WORK TO BE COMPLETED
Please work out how many lines in the entries below include the string "Import", and reply with the number alone.

MATERIAL PROVIDED
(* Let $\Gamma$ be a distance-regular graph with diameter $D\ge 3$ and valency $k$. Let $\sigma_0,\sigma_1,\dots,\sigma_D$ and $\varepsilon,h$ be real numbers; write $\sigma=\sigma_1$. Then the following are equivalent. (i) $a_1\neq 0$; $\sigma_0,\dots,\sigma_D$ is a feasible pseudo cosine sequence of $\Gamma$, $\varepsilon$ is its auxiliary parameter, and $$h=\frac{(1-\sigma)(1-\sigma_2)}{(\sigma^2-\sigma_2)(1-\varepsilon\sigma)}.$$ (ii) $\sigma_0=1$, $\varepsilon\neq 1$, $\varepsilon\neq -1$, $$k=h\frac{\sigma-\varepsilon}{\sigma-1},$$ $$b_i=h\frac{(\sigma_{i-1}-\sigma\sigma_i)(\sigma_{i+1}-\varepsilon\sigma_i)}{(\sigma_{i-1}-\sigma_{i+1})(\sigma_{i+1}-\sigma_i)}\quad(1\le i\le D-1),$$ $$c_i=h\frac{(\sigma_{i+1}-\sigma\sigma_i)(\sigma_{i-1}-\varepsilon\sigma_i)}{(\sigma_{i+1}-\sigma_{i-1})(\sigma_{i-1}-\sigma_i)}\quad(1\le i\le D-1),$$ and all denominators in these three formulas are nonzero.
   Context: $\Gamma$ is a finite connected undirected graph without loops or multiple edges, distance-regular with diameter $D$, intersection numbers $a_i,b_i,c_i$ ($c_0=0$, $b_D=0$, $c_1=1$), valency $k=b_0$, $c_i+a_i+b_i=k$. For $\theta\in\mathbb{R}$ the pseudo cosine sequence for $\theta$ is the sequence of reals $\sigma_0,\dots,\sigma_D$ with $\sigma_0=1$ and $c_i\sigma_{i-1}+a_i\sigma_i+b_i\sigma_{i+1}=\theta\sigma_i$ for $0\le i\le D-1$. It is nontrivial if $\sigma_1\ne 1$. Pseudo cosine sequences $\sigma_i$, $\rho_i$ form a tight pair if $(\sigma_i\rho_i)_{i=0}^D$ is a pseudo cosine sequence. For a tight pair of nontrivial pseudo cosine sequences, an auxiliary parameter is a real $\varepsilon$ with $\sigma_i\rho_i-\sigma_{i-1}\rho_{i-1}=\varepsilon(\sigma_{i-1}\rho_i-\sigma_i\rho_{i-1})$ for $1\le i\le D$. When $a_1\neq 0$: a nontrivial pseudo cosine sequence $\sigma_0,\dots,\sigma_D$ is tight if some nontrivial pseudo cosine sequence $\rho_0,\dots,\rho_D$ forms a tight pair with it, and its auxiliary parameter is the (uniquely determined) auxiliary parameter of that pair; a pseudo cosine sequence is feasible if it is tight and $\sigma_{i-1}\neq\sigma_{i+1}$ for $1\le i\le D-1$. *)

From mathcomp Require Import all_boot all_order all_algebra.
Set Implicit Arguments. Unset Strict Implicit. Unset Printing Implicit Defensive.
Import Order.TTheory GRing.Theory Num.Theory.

---

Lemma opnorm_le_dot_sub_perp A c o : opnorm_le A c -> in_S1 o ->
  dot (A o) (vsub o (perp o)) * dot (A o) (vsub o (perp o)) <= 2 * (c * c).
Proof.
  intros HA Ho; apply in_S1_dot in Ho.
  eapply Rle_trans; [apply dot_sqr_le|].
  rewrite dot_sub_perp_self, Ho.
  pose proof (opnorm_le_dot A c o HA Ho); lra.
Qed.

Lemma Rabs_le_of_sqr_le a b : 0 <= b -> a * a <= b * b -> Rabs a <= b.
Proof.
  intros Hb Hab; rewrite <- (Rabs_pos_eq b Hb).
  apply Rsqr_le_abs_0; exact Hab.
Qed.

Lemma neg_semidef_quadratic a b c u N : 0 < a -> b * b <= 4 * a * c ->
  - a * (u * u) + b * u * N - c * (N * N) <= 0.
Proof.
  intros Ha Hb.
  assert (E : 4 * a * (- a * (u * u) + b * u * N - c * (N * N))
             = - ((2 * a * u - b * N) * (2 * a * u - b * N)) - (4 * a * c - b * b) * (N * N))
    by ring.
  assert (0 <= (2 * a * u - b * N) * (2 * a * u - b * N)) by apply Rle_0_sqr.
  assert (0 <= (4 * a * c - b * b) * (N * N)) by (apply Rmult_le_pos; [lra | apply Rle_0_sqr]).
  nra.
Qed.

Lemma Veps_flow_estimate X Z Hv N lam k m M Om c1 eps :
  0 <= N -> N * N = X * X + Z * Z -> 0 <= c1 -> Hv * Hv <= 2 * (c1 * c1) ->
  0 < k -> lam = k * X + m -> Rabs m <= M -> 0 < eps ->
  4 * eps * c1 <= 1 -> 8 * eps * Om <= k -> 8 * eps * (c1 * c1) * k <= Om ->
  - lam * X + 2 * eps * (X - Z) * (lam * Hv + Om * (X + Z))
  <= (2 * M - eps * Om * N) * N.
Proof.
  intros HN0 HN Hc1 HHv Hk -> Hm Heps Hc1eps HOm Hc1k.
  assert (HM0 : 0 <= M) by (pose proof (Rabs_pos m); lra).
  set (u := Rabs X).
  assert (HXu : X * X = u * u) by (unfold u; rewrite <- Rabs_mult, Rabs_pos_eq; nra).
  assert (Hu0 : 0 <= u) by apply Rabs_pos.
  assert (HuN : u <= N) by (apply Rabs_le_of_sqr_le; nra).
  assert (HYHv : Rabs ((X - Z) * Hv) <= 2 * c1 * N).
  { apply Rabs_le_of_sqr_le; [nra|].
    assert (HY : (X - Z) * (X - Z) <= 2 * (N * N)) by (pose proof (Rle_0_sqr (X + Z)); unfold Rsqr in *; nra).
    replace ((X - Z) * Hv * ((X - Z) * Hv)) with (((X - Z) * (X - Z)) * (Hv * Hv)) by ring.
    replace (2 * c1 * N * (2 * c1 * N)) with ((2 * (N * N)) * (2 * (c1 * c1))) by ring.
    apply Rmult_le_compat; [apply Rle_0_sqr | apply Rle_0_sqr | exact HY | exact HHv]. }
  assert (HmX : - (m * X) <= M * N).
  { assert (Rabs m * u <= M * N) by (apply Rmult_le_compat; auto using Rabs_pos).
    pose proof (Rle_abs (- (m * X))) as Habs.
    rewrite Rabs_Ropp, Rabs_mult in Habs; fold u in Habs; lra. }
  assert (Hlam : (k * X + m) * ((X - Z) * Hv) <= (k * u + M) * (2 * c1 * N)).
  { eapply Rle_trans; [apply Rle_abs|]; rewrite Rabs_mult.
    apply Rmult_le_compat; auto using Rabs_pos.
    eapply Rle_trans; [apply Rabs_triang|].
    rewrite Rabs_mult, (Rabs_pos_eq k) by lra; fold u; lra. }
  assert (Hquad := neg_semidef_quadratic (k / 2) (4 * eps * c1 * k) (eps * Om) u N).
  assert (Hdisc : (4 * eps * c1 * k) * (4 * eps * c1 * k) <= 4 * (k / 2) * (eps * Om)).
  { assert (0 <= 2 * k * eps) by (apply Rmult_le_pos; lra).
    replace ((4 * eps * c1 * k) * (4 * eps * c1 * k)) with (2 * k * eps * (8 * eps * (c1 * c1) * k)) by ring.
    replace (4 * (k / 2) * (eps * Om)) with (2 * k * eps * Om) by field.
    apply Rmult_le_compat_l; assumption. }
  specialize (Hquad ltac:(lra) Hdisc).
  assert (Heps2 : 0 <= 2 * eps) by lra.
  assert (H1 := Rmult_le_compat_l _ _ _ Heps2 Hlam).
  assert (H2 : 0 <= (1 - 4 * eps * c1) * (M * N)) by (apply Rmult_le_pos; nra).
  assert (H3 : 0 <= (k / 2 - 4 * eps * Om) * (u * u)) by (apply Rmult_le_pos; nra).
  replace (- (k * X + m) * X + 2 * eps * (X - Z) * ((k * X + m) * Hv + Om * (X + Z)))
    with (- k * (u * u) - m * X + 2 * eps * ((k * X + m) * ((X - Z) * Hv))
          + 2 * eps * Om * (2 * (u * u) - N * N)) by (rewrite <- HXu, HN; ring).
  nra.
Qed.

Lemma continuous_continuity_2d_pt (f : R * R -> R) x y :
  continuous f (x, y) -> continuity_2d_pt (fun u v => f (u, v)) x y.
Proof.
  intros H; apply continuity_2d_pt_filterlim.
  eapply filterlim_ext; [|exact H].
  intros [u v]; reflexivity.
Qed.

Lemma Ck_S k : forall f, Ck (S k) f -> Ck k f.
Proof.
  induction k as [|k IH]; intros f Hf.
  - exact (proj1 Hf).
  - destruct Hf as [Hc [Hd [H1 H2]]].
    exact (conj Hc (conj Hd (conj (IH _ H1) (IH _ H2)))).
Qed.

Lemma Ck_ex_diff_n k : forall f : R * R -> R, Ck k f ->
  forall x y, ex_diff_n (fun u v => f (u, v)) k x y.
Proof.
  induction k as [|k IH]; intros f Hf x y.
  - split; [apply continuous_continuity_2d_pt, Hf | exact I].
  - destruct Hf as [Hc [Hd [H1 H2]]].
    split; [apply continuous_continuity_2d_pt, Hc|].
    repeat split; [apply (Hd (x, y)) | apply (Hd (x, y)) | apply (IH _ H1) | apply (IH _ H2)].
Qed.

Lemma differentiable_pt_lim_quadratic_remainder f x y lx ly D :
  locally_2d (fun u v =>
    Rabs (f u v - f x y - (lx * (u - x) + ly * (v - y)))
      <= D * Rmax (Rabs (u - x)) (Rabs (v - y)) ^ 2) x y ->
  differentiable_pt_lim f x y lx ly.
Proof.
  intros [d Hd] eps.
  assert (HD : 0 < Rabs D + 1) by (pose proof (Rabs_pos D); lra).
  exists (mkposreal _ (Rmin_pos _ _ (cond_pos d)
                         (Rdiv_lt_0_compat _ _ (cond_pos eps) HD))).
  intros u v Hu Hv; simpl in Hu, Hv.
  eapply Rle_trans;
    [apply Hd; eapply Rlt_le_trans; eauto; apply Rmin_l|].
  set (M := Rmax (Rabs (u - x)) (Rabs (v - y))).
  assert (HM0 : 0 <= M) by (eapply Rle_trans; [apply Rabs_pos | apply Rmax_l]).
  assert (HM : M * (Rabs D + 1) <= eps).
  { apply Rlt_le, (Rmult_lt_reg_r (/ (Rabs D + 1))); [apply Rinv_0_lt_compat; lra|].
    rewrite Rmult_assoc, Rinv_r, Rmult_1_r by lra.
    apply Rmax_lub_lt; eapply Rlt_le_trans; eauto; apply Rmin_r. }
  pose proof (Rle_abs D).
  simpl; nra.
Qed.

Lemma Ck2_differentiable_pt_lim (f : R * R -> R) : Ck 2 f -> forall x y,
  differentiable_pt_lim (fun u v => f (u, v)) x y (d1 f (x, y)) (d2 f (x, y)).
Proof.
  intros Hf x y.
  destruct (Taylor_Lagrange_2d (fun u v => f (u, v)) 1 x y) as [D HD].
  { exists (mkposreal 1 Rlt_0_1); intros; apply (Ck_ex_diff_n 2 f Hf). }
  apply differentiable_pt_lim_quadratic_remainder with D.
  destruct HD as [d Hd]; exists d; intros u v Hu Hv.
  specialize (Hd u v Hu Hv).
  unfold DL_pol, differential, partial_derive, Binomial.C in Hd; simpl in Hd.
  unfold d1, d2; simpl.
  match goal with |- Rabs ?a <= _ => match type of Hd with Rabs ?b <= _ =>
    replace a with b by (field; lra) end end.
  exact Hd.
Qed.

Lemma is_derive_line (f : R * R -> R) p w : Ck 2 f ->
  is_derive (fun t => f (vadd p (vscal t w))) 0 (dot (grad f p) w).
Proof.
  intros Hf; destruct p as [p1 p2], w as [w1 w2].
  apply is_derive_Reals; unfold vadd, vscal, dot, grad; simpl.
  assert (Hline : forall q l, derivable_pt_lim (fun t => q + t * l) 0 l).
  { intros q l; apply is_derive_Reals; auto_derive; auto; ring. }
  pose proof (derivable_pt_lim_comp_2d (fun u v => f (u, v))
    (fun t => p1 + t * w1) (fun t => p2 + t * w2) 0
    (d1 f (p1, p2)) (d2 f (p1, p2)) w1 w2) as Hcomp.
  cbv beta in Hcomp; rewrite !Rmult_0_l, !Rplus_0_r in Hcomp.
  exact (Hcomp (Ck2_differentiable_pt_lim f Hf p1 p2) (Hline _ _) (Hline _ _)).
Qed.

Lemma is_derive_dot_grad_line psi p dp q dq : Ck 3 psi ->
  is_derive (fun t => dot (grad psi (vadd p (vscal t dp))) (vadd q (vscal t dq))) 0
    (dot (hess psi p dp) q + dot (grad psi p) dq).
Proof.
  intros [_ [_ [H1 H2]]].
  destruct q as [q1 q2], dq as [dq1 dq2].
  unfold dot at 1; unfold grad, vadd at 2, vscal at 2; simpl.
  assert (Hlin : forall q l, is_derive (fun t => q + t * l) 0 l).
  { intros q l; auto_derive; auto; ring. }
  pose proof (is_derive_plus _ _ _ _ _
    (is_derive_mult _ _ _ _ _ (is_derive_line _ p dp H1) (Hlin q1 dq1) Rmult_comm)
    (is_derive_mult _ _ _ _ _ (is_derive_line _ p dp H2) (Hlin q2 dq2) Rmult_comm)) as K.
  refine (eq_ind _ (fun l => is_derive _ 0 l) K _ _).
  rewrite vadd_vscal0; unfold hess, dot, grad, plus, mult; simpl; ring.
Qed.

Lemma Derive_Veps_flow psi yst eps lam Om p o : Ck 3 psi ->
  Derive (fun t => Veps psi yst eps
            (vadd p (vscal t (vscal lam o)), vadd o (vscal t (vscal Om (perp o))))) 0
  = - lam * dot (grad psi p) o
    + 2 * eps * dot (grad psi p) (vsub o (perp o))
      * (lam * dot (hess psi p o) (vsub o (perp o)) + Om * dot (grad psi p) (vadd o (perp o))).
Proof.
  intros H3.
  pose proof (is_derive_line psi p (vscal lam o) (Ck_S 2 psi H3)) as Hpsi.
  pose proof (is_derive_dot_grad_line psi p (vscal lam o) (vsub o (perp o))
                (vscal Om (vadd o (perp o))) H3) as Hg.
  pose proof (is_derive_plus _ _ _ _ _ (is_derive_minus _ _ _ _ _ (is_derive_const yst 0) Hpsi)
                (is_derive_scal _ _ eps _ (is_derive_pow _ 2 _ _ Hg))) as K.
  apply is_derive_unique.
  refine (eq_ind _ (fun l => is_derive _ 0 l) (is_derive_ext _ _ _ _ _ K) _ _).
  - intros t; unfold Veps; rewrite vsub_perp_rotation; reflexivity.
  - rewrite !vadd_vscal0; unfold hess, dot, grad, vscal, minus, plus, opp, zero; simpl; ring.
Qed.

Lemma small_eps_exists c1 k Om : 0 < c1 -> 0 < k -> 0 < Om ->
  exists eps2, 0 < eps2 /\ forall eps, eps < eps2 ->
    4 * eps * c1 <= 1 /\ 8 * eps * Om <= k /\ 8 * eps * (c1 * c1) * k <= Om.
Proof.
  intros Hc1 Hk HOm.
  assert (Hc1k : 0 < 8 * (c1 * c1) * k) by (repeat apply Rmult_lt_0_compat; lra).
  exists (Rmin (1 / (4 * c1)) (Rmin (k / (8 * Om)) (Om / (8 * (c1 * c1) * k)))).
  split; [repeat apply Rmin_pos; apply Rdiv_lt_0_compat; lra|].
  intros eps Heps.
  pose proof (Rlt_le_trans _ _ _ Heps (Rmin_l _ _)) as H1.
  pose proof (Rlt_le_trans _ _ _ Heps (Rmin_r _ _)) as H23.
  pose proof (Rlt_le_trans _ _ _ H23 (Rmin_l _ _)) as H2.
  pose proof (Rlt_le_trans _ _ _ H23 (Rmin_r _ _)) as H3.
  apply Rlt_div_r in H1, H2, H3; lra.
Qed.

WORKED SOLUTION
2